There are two vignettes included with the package.

1. The "Gauss" vignette contains an analysis of the Carl Gauss subtree of the Math Genealogy Project (MGP), where the hierarchy of the tree is defined by the advisor-student relationships among mathematicians (starting with Carl Gauss as an advisor) and the node weight for each mathematician is set to 1 by default. To load the vignette, type:

vignette("Gauss", package = "summarytrees")

Note: This sample of data has been shared with the permission and cooperation of the Math Genealogy Project; please do not re-distribute it. See help("Gauss", package = "summarytrees") for more.

2. The "DMOZ" vignette contains an analysis of a subset of URLs from the DMOZ (aka Open Directory Project) directory of websites. This data contains all the URLs which are classified into the "Top/Sports" branch of the tree, which consists of about 76,000 URLs (about 2% of the total data set) spread out over about 14,000 unique topics. The node weights are set to the number of URLs belonging to each topic in the hierarchy.

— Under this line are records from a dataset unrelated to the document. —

Lemma dot_unit_le n (z v : 'cV[R]_n) :
  sqnorm z = 1 -> `|(z^T *m v) 0 0| <= eucl_cV v.
Proof. by move=> z1; rewrite -sqrtr_sqr ler_sqrt ?sqnorm_ge0 ?dot_unit_sqr_le. Qed.

End Euclidean.

Section Householder.
Context {R : realType} {n : nat}.
Implicit Types u v w : 'cV[R]_n.

Definition householder u : 'M[R]_n := 1%:M - (2 / sqnorm u) *: (u *m u^T).

Lemma householder0 : householder 0 = 1%:M.
Proof. by rewrite /householder mul0mx scaler0 subr0. Qed.

Lemma trmx_householder u : (householder u)^T = householder u.
Proof. by rewrite /householder linearB /= trmx1 linearZ /= trmx_mul trmxK. Qed.

Lemma householder_orthogonal u : orthogonal_mx (householder u).
Proof.
have [->|u0] := eqVneq u 0; first by rewrite householder0 /orthogonal_mx trmx1 mulmx1.
rewrite /orthogonal_mx trmx_householder /householder.
set c := 2 / sqnorm u; set P := u *m u^T.
have cq : c * sqnorm u = 2 by rewrite divfK // sqnorm_eq0.
have PP : P *m P = sqnorm u *: P.
  by rewrite /P mulmxA -(mulmxA u) mulmx_1x1 -sqnormE -scalemxAl.
rewrite mulmxBl !mulmxBr !mul1mx mulmx1 -scalemxAl -scalemxAr PP !scalerA.
have -> : c * c * sqnorm u = c + c by rewrite -mulrA cq mulr_natr mulr2n.
by rewrite scalerDl opprB addrK subrK.
Qed.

vignette("DMOZ", package = "summarytrees")

Documentation/Help

The original paper describing the algorithm and resulting visualizations is:

(2013). Howard Karloff and Kenneth E. Shirley. "Maximum Entropy Summary Trees", Computer Graphics Forum (Proc. EuroVis), Volume 32, Issue 3, Part 1, pp. 71-80.

A copy of the paper is available here.

A website describing the work is here.